A major problem with the maintenance of recreational vehicles (RV) is the batteries. There are all kinds of reasons for having battery troubles, including under/over-charging, but the peskiest one is the self-discharging of the batteries when your RV sits in storage.
The RV battery disconnect switch plays an important role in keeping your trailer’s battery in good condition even when you are using it after months.
How to Get a Battery Disconnect Switch
Your RV may already have a battery disconnect switch. You should find it easily as there should be labels like “battery” or “battery disconnect” inside the trailer. It’s a red switch with a battery figure drawn on the top panel. In case your RV does not have one, you can opt for an aftermarket RV battery disconnect switch installation.
The switch disconnects the battery’s electrical power or isolates from the house portion of your RV. This prevents parasitic loads such as the stereo, clock, and other appliance circuitry that lead to discharge.
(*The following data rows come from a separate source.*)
(* The minimum size of advice permitting the agent to explore every $n$-node graph in time polynomial in $n$ is $\log\log\log n-\Theta(1)$, both for instance oracles and for map oracles. Precisely: (i) for every constant $c>0$ there are a map oracle with advice size at most $\lfloor\log\log\log n-c\rfloor$ and a deterministic algorithm exploring every $n$-node graph from every starting node in time polynomial in $n$; (ii) for every function $\phi:\mathbb{N}\to\mathbb{N}$ with $\phi(n)\to\infty$, no instance oracle (hence no map oracle) with advice size at most $\log\log\log n-\phi(n)$, together with any deterministic algorithm, explores all $n$-node graphs in time polynomial in $n$.
   Context: Model: a graph is a simple connected undirected graph with $n$ nodes. Nodes are unlabeled; at each node of degree $d$ the incident edges carry distinct port numbers $0,\dots,d-1$, arbitrarily assigned. A mobile agent starts at some node. At each step, located at a node $u$ whose degree it knows, it chooses a port at $u$ and traverses the corresponding edge to a neighbor $w$; upon arrival it learns the port number of this edge at $w$ and the degree of $w$. The agent must visit all nodes and stop; the time of exploration is the number of edge traversals. A deterministic exploration algorithm receives as input a binary string (advice); the size of advice is its length. A map oracle is a function $f$ assigning a binary string $f(G)$ to each port-numbered graph $G$; an instance oracle assigns a binary string $f(G,v)$ to each pair $(G,v)$ with $v$ the starting node. Logarithms are to base 2. *)

From Stdlib Require Import Reals ZArith Arith List Relations.
Import ListNotations.

(** Nodes are 0..pg_n-1 (labels are invisible to the
    agent).  [pg_deg u] is the degree of u; [pg_nbr u p = (w, q)] means port p
    at u leads to w, where the same edge has port q. *)
Record pgraph := PGraph {
  pg_n   : nat;
  pg_deg : nat -> nat;
  pg_nbr : nat -> nat -> nat * nat
}.

Definition adj (G : pgraph) (u w : nat) : Prop :=
  exists p, p < pg_deg G u /\ fst (pg_nbr G u p) = w.

Definition wf_graph (G : pgraph) : Prop :=
  1 <= pg_n G /\
  (forall u p, u < pg_n G -> p < pg_deg G u ->
     let (w, q) := pg_nbr G u p in
     w < pg_n G /\ q < pg_deg G w /\ pg_nbr G w q = (u, p) /\ w <> u) /\
  (forall u p1 p2, u < pg_n G -> p1 < pg_deg G u -> p2 < pg_deg G u ->
     fst (pg_nbr G u p1) = fst (pg_nbr G u p2) -> p1 = p2) /\
  (forall u w, u < pg_n G -> w < pg_n G -> clos_refl_trans nat (adj G) u w).

(** An agent history: list of (port taken, entry port at arrival, degree of
    the node reached), in chronological order. *)
Definition history := list (nat * nat * nat).

(** A deterministic exploration algorithm: given the advice, the degree of the
    starting node and the history so far, it either stops ([None]) or takes
    port p ([Some p]). *)
Definition algorithm := list bool -> nat -> history -> option nat.

Fixpoint cfg (G : pgraph) (A : algorithm) (adv : list bool) (v : nat) (k : nat)
  : nat * history :=
  match k with
  | O => (v, [])
  | S k' =>
    let (u, h) := cfg G A adv v k' in
    match A adv (pg_deg G v) h with
    | Some p =>
        if p <? pg_deg G u then
          let (w, q) := pg_nbr G u p in (w, h ++ [(p, q, pg_deg G w)])
        else (u, h)
    | None => (u, h)
    end
  end.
Leaving alone without regular charging will damage even the best RV battery.
Do You Need an RV Battery Disconnect Switch?
As the RV battery disconnect switch cuts off your battery from the rest of your unit, and no part of the RV can draw power from the battery, it protects against dangers such as electrical fires and theft. It’s also important to shut off the power as a safety measure when you’re doing maintenance.
Moreover, your appliances drain your batteries slowly even in an unused state, which can add up over time. Your motorhome battery disconnect switch preserves the batteries from such draining and helps them last longer.
Complete power shutdown is necessary when you do repairs or other work on your RV. But a 12 volt battery disconnect switch saves you the hassle. Instead of removing the battery, you can just disconnect the switch.
When your RV is in storage for a long time and you have accidentally left a light on in a compartment or anything inside, your house batteries do not get drained with the RV battery disconnect switch on. These are just a few of many good reasons for installing the switch.
How the Battery Disconnect Function Works
An RV relies on two separate electrical systems:
- A 12-volt Direct Current (DC), and
- A120-volt Alternating Current (AC)
12-volt DC is powered by one or more batteries. It powers the refrigerator, furnace, water pump, along with several other things. The 120-volt AC is powered by an electrical hookup plug of your RV or an RV generator. It provides electricity for heavy-use items like kitchen appliances, TV, and other large electrical appliances.
If plugged into any power source, such as a campground RV electrical pedestal, the 12-volt battery automatically charges. When you’re not plugged in, while boondocking or dry camping for instance, your batteries can power anything that runs off 12-volt. Adding an inverter on top will convert the 12-volt battery’s direct current to a 120-volt alternating current, enabling you to power appliances that need 120 volts and to use your vehicle’s electrical outlets. Tracking the discharge time is important, since your RV’s 12-volt system will eventually run out like all batteries and need recharging.
Advantages of Battery Disconnect Switches
When you are back home and the RV is left idle or is in storage, you may think the battery is in complete rest. But as mentioned earlier, there are parasitic loads that keep feeding off your battery, such as the stereo and security-related devices. You don’t really need them running when the unit will stay for a week or month in your garage.
By leaving the RV battery connection on, you let power draw out of your battery. Keep it a few weeks and you may find it dead the next time going for a new camping trip. The battery also damages itself from operating at low voltage.
After unloading and cleaning following a trip, simply turn the RV battery disconnect switch on. This will leave the battery in the same state of charge in which you leave it while activating the disconnect switch. You are likely to have enough charge when starting your next move because the RV batteries were being charged on your drive back home on the previous trip if all the electric lines in your RV were set up properly.
As the disconnect switch also prevents the battery from receiving any power, don’t forget to keep the battery disconnector off when you are driving to the campsite or when you are already in the campsite, so that your RV battery can power up the different appliances or devices and also receive power for charging itself. This will make your motorhome good to go when boondocking.
Precautions When Using an RV Battery Disconnect Switch
There are different types of disconnect switches available in the market. Make sure to do the proper research when choosing one for your particular vehicle. Plus, carefully follow the instructions on using them.
During the installation of the switch, check and double-check its connection to the correct terminals. Otherwise, there is a high risk to your safety besides the RV battery disconnect switch not working.
Do not keep the disconnect switch turned on when your RV is connected to shore power. Keeping your batteries connected to the unit will charge it well for use when you unplug the AC system.
Even after ensuring proper installations, your disconnect switch may not function. There can be many reasons for it. A drained battery at the time of activating the battery isolation is a valid one. In that case, your RV may not turn on even with the disconnect switch off. You will need to recharge the battery before you can move.
Has the battery had sufficient charge before turning on the disconnector? If yes, contact your RV servicing center to find out the problem and take necessary measures.